David Zahl. The Big Relief: The Urgency of Grace for a Worn-Out World. Grand Rapids: Brazos Press, 2025. $26.99, 176 pp.
It is difficult to be human in the year 2025. Headlines bombard us, confirming that we are more anxious, depressed, furious, and lonely than ever before. Not that we needed those headlines to alert us to this fact, for we can sense the overwhelming discord. We feel the fracturing of society and the restlessness in our souls. Some blame smartphones, others pornography, and still others a broken education system. Whatever ails us, it is certain we need relief.
Enter David Zahl, founder of Mockingbird Ministries and the author of Seculosity and Low Anthropology. He is on a personal mission to bring light into the present dark time. His new book, The Big Relief: The Urgency of Grace for a Worn-Out World, aims to provide just that: a balm for our restless souls. The relief we truly need, according to Zahl, is not more mindfulness, spa days, or money in our 401(k). Humankind needs grace more than anything—specifically, the grace of God revealed in Scripture.
Zahl is so convinced of this, he has stated that if Christianity were a burning building and he could only save one thing, it would be grace. Why? Because “grace is the most important, most urgent, and most radical contribution Christianity has to make to the life of the world—to your life and mine!”
He defines grace as “one-way love,” “a gift with no strings attached,” “noncontingent, compassionate alliance,” and “unmerited favor.” This is relief by means of freedom from the condemnation of God’s law, but also freedom from the unmerited condemnation of ourselves and others: “The Big Relief announces that the high-wire game of proving ourselves is finished. By grace, the lingering threat of judgment has been removed. By grace, all that remains is unended action. This is less an invitation to a do-nothing existence of insipid frivolity than an invitation to creative and joyful risk-taking.”
Zahl draws on John M.G. Barclay’s book Paul and the Gift to identify four key aspects of biblical grace:
All of this means that there is nothing we contribute toward our salvation: God’s grace is fully free. “The work of a Christian, then, to the extent it can be called work, is to empty one’s hands so they are open to receive grace.”
Each chapter of The Big Relief focuses on one burden from which God relieves us: deserving (via grace), regret (via forgiveness), rejection (via favor), control (via surrender), guilt (via atonement), status anxiety (via imputation), keeping up (via rest), productivity (via play), and captivity/death (via rescue). In the process, Zahl touches on many aspects of what it is to be a human being in 2025, needing relief from social media, changing economy, political rancor, parenting wars, and more.
A recurring theme is that those who most readily welcome relief are those who believe they are in the worst shape. By contrast, our society’s top echelons cling to the illusion of personal control. “To those in need, forgiveness comes as a relief,” Zahl observes. “To others it comes as an affront.”
Fortunately, God does not wait for us to be ready to receive grace.
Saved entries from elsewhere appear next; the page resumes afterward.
(* Let $\kappa$ be a cardinal with $\mathrm{cf}(\kappa) > \omega$, let $\mathcal{A}$ and $\mathcal{B}$ be almost disjoint families on $\omega$ of size $\kappa$, and let $h : \mathcal{A} \to \mathcal{B}$ be a bijection of dense oscillation. Then there is no homeomorphism from $\Psi(\mathcal{A})$ onto $\Psi(\mathcal{B})$ that extends $h$.
   Context: An almost disjoint (AD) family on $\omega$ is a family of infinite subsets of $\omega$ any two distinct members of which have finite intersection. For an AD family $\mathcal{A}$, the space $\Psi(\mathcal{A})$ has underlying set $\omega \cup \mathcal{A}$; points of $\omega$ are isolated, and basic neighborhoods of a point $x \in \mathcal{A}$ are the sets $\{x\} \cup (x \setminus F)$ with $F \subseteq \omega$ finite. For AD families $\mathcal{A}, \mathcal{B}$ of size $\kappa$, a bijection $h : \mathcal{A} \to \mathcal{B}$ is of dense oscillation if for every $\mathcal{A}' \subseteq \mathcal{A}$ with $|\mathcal{A}'| = \kappa$ there are $x, y, z \in \mathcal{A}'$ such that $|(x \cap z) \setminus (x \cap y)| \neq |(h(x) \cap h(z)) \setminus (h(x) \cap h(y))|$. *)

From mathcomp Require Import all_boot.
From mathcomp Require Import boolp classical_sets functions cardinality.
Set Implicit Arguments. Unset Strict Implicit. Unset Printing Implicit Defensive.
Local Open Scope classical_set_scope.
Local Open Scope card_scope.

(* cf(kappa) > omega, for a cardinal kappa represented as the cardinality of a
   set K : kappa is infinite and is not the union of countably many sets each
   of cardinality < kappa. *)
Definition cf_gt_omega (T : Type) (K : set T) : Prop :=
  infinite_set K /\
  forall P : nat -> set T, K `<=` \bigcup_n P n -> exists n, K #<= (P n `&` K).

Definition almost_disjoint (A : set (set nat)) : Prop :=
  (forall x, A x -> infinite_set x) /\
  (forall x y, A x -> A y -> x <> y -> finite_set (x `&` y)).

(* points of Psi-spaces: inl n is n in omega, inr x is the point x of the family *)
Definition psi_pt : Type := (nat + set nat)%type.

Definition psi_carrier (A : set (set nat)) : set psi_pt :=
  [set p | match p with inl _ => True | inr x => A x end].

(* open sets of Psi(A): the topology generated by the stated basis
   (points of omega isolated; basic nbhds of x in A are {x} u (x \ F), F finite) *)
Definition psi_open (A : set (set nat)) (U : set psi_pt) : Prop :=
  U `<=` psi_carrier A /\
  forall x, U (inr x) ->
    exists F : set nat, finite_set F /\ [set inl n | n in x `\` F] `<=` U.

Definition psi_homeomorphism (A B : set (set nat)) (f : psi_pt -> psi_pt) : Prop :=
  set_bij (psi_carrier A) (psi_carrier B) f /\
  forall U, U `<=` psi_carrier A -> (psi_open A U <-> psi_open B (f @` U)).

Definition osc (x y z : set nat) : set nat := (x `&` z) `\` (x `&` y).

Definition dense_oscillation (T : Type) (K : set T) (A : set (set nat))
    (h : set nat -> set nat) : Prop :=
  forall A', A' `<=` A -> A' #= K ->
    exists x y z, [/\ A' x, A' y, A' z & ~ (osc x y z #= osc (h x) (h y) (h z))].

From mathcomp Require Import all_boot.
From mathcomp Require Import boolp classical_sets functions cardinality.
Set Implicit Arguments. Unset Strict Implicit. Unset Printing Implicit Defensive.
Local Open Scope classical_set_scope.
Local Open Scope card_scope.

(* A homeomorphism f extending h must send the isolated points to isolated
   points, so it induces a bijection pi of omega, and comparing the canonical
   neighbourhoods of x and of h x shows that x and pi^-1(h x) differ by a
   finite set.  The pair of finite differences takes only countably many
   values, so, as cf(kappa) > omega, kappa many x in A share the same pair.
   For any three such x, y, z the oscillation osc x y z equals
   pi^-1(osc (h x) (h y) (h z)), contradicting dense oscillation. *)

Lemma cf_gt_omega_card_eq (T : Type) (U : pointedType) (K : set T) (A : set U) :
  cf_gt_omega K -> A #= K -> cf_gt_omega A.
Proof.
move=> [infK cfK] AK; split; first by rewrite (eq_finite_set AK).
move=> P AP; have /card_set_bijP[g [gK ginj _]] := card_esym AK.
pose Q n := [set t | K t /\ P n (g t)].
have [t Kt|n KQ] := cfK Q; first by have [n _ Pn] := AP _ (gK _ Kt); exists n.
have ginjQ : {in Q n `&` K &, injective g}.
  by move=> a b /[!inE] -[_ Ka] [_ Kb]; apply: ginj; rewrite inE.
exists n; rewrite (card_le_eql AK); apply: (card_le_trans KQ).
rewrite -(card_le_eql (inj_card_eq ginjQ)).
by apply: subset_card_le => _ [t [[_ Pt] Kt] <-]; split => //; apply: gK.
Qed.

Lemma cf_gt_omega_countable_cover (U : Type) (I : countType) (A : set U)
    (P : I -> set U) :
  cf_gt_omega A -> A `<=` \bigcup_i P i -> exists i, A #<= P i `&` A.
Proof.
move=> [infA cfA] AP.
pose Q n := if unpickle n is Some i then P i else set0.
have [x Ax|n] := cfA Q.
  by have [i _ Pi] := AP _ Ax; exists (pickle i) => //; rewrite /Q pickleK.
rewrite /Q; case: (unpickle n) => [i|]; first by exists i.
by rewrite set0I => /card_le0P A0; have [x] := infinite_setN0 infA; rewrite A0.
Qed.

Lemma card_preimage_bij (T U : Type) (f : T -> U) (S : set U) :
  injective f -> f @` setT = setT -> f @^-1` S #= S.
Proof.
move=> finj fsurj; rewrite -{2}(image_preimage S fsurj).
by apply/card_esym/inj_card_eq => a b _ _; apply: finj.
Qed.

(* Pointwise: on x `\` x' the sets x, y, z contain the point and x', y', z'
   do not, on x' `\` x the reverse, and elsewhere each set agrees with its
   primed version. *)
Lemma osc_eq (x y z x' y' z' : set nat) :
  x `\` x' = y `\` y' -> x' `\` x = y' `\` y ->
  z `\` z' = x `\` x' -> z' `\` z = x' `\` x ->
  osc x y z = osc x' y' z'.
Proof.
move=> exy exy' ezx ezx'; apply/funext => m; apply/propeqP.
have /propeqP := congr1 (@^~ m) exy; have /propeqP := congr1 (@^~ m) exy'.
have /propeqP := congr1 (@^~ m) ezx; have /propeqP := congr1 (@^~ m) ezx'.
rewrite /osc /setD /setI /=.
have [|] := pselect (x m); have [|] := pselect (x' m);
have [|] := pselect (y m); have [|] := pselect (y' m);
have [|] := pselect (z m); have [|] := pselect (z' m); by firstorder.
Qed.

Definition psi_cone (x : set nat) : set psi_pt := inr x |` inl @` x.

Lemma psi_cone_inl (x : set nat) (n : nat) : psi_cone x (inl n) <-> x n.
Proof. by split => [[//|[m xm [<-]]]|xn]; last by right; exists n. Qed.

Lemma psi_cone_carrier (A : set (set nat)) (x : set nat) :
  A x -> psi_cone x `<=` psi_carrier A.
Proof. by move=> Ax _ [->|[n _ <-]]. Qed.

Lemma psi_open_cone (A : set (set nat)) (x : set nat) :
  A x -> psi_open A (psi_cone x).
Proof.
move=> Ax; split; first exact: psi_cone_carrier.
move=> _ [[->]|[n _ //]]; exists set0; split; first exact: finite_set0.
by move=> _ [n [xn _] <-]; right; exists n.
Qed.

Lemma psi_open_cofinite (A : set (set nat)) (U : set psi_pt) (x : set nat) :
  psi_open A U -> U (inr x) -> finite_set (x `\` inl @^-1` U).
Proof.
move=> [_ oU] /oU[F [finF xFU]]; apply: sub_finite_set finF => m [xm Um].
by apply: contrapT => Fm; apply: Um; apply: xFU; exists m.
Qed.

Section PsiHomeomorphismExtension.
Variables (A B : set (set nat)) (h : set nat -> set nat) (f : psi_pt -> psi_pt).
Hypotheses (hAB : set_bij A B h) (fAB : psi_homeomorphism A B f)
  (fh : forall x, A x -> f (inr x) = inr (h x)).

(* The default 0 is never used: f maps omega into omega (psi_indexE). *)
Definition psi_index (n : nat) : nat := if f (inl n) is inl m then m else 0.

Let f_inj : set_inj (psi_carrier A) f. Proof. by case: fAB => -[]. Qed.

Lemma psi_indexE (n : nat) : f (inl n) = inl (psi_index n).
Proof.
rewrite /psi_index; case E: (f (inl n)) => [//|y].
have [hA _ hB] := hAB; have [[fA _ _] _] := fAB.
have /hB[x Ax hxy] : B y by have := fA (inl n) I; rewrite E.
suff : inl n = inr x :> psi_pt by [].
by apply: f_inj; rewrite ?inE //= E fh // hxy.
Qed.

Lemma psi_index_inj : injective psi_index.
Proof.
move=> a b eab.
have : inl a = inl b :> psi_pt by apply: f_inj; rewrite ?inE //= !psi_indexE eab.
by case.
Qed.

Lemma psi_index_surj : psi_index @` setT = setT.
Proof.
apply/seteqP; split => // k _; have [[_ _ fB] _] := fAB.
have [[m|x] Ap fp] := fB (inl k) I.
  by exists m => //; move: fp; rewrite psi_indexE => -[].
by move: fp; rewrite fh.
Qed.

Lemma finite_setD_psi_preimage (x : set nat) :
  A x -> finite_set (x `\` psi_index @^-1` h x).
Proof.
move=> Ax; have [hA _ _] := hAB; have [[_ _ fB] fopen] := fAB.
pose U := psi_carrier A `&` f @^-1` psi_cone (h x).
have fU : f @` U = psi_cone (h x).
  apply/seteqP; split => [_ [p [_ Up] <-] //|q cq].
  have [p Ap fp] := fB q (psi_cone_carrier (hA x Ax) cq).
  by exists p => //; split; rewrite // /preimage /= fp.
have oU : psi_open A U.
  by apply/(fopen U) => [p []//|]; rewrite fU; apply: psi_open_cone (hA x Ax).
have Ux : U (inr x) by split; rewrite //= /preimage fh //; left.
apply: sub_finite_set (psi_open_cofinite oU Ux) => m [xm nhm]; split => // -[_].
by rewrite /preimage /= psi_indexE => /psi_cone_inl.
Qed.

Lemma finite_psi_preimage_setD (x : set nat) :
  A x -> finite_set (psi_index @^-1` h x `\` x).
Proof.
move=> Ax; have [[_ finj _] fopen] := fAB.
have cone_carrier := psi_cone_carrier Ax.
set V := f @` psi_cone x.
have oV : psi_open B V by apply/(fopen _ cone_carrier)/psi_open_cone.
have Vhx : V (inr (h x)) by exists (inr x); [left|rewrite fh].
have := finite_preimage (in2W psi_index_inj) (psi_open_cofinite oV Vhx).
apply: sub_finite_set => m [hm nxm]; split => // -[p cp].
rewrite -psi_indexE => /finj fp; apply: nxm.
by apply/psi_cone_inl; rewrite -fp ?inE //; apply: cone_carrier.
Qed.

End PsiHomeomorphismExtension.

Theorem proposition8 (T : Type) (K : set T) (A B : set (set nat))
    (h : set nat -> set nat) :
  cf_gt_omega K ->
  almost_disjoint A -> almost_disjoint B ->
  A #= K -> B #= K ->
  set_bij A B h ->
  dense_oscillation K A h ->
  ~ exists f : psi_pt -> psi_pt,
      psi_homeomorphism A B f /\ (forall x, A x -> f (inr x) = inr (h x)).
Proof.
move=> cfK _ _ AK _ hAB hosc [f [fAB fh]].
pose pull x := psi_index f @^-1` h x.
pose P (s : seq nat * seq nat) :=
  [set x | x `\` pull x = [set` s.1] /\ pull x `\` x = [set` s.2]].
have [s AP] : exists s, A #<= P s `&` A.
  apply: cf_gt_omega_countable_cover (cf_gt_omega_card_eq cfK AK) _ => x Ax.
  have /finite_seqP[s1 e1] := finite_setD_psi_preimage hAB fAB fh Ax.
  have /finite_seqP[s2 e2] := finite_psi_preimage_setD hAB fAB fh Ax.
  by exists (s1, s2).
have PA : P s `&` A `<=` A by apply: subIsetr.
have PK : P s `&` A #= K.
  by rewrite -(card_eqr AK) card_eq_le AP andbT; apply: subset_card_le.
have [x [y [z [[[ex ex'] _] [[ey ey'] _] [[ez ez'] _] nosc]]]] := hosc _ PA PK.
apply: nosc; rewrite (@osc_eq x y z (pull x) (pull y) (pull z)).
- exact: card_preimage_bij (psi_index_inj hAB fAB fh) (psi_index_surj hAB fAB fh).
- by rewrite ex ey.
- by rewrite ex' ey'.
- by rewrite ez ex.
- by rewrite ez' ex'.
Qed.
It comes as a blessed surprise, interrupting our efforts to get ahead. “Grace is a relief to the lonely and rejected because it doesn’t wait for us to drop our own walls. Grace breaks down, with love, the barriers we’ve erected to keep us safe in our isolation.” God makes the first move, declaring us righteous based on the work of Christ, not our own. This means that “you and I are not loved by God because we are special. We are special because we are loved by God. The attribution is external; it depends on God, not us.”
Zahl’s book offers few completely novel ideas, and I say this in the best sense possible. His true talent is as a cultural and theological curator. He operates according to the conviction that the most important message—the gospel of Jesus Christ—has already been delivered to humanity, and the job of believers now is to point people to grace wherever it exists. And so, he quotes from writers as varied as Jonathan Haidt, Naomi Osaka, Brian Wilson, and the Surgeon General, while also referencing the works of Philip Melanchthon and Martin Luther. Examples from films, music, sermons, and commencement speeches are interspersed with anecdotes from his own life.
This work of curating is intended to help different types of readers connect to what is clearly a universal message: the never-changing grace of God is always relevant. The gospel is for all people in all eras, thence the need to continually repeat it. The older I get, the less impressed I am with theological novelty, and the more I long for the old, old story. That is what one finds in The Big Relief.
This book is theological from beginning to end and promotes classic doctrines such as substitutionary atonement, imputed righteousness, and the reality of heaven and hell. Yet Zahl employs a light touch throughout. His goal is not merely to reach Christians, but also those outside the Church—or, for that matter, Christians who may feel burned by the Church. This is an eminently accessible and readable volume appropriate for anyone who needs to hear the old, old story again, or those who need to hear it for the first time.
While the grace of God may save us from many things in this earthly life—social media scrutiny, addictions, the rat race of parenting—it is fundamentally about freeing us from that greatest captivity: our sinful nature and our eternal condemnation. In other words, “Rescue from sin and death—this is undoubtedly the biggest aspect of the Big Relief.”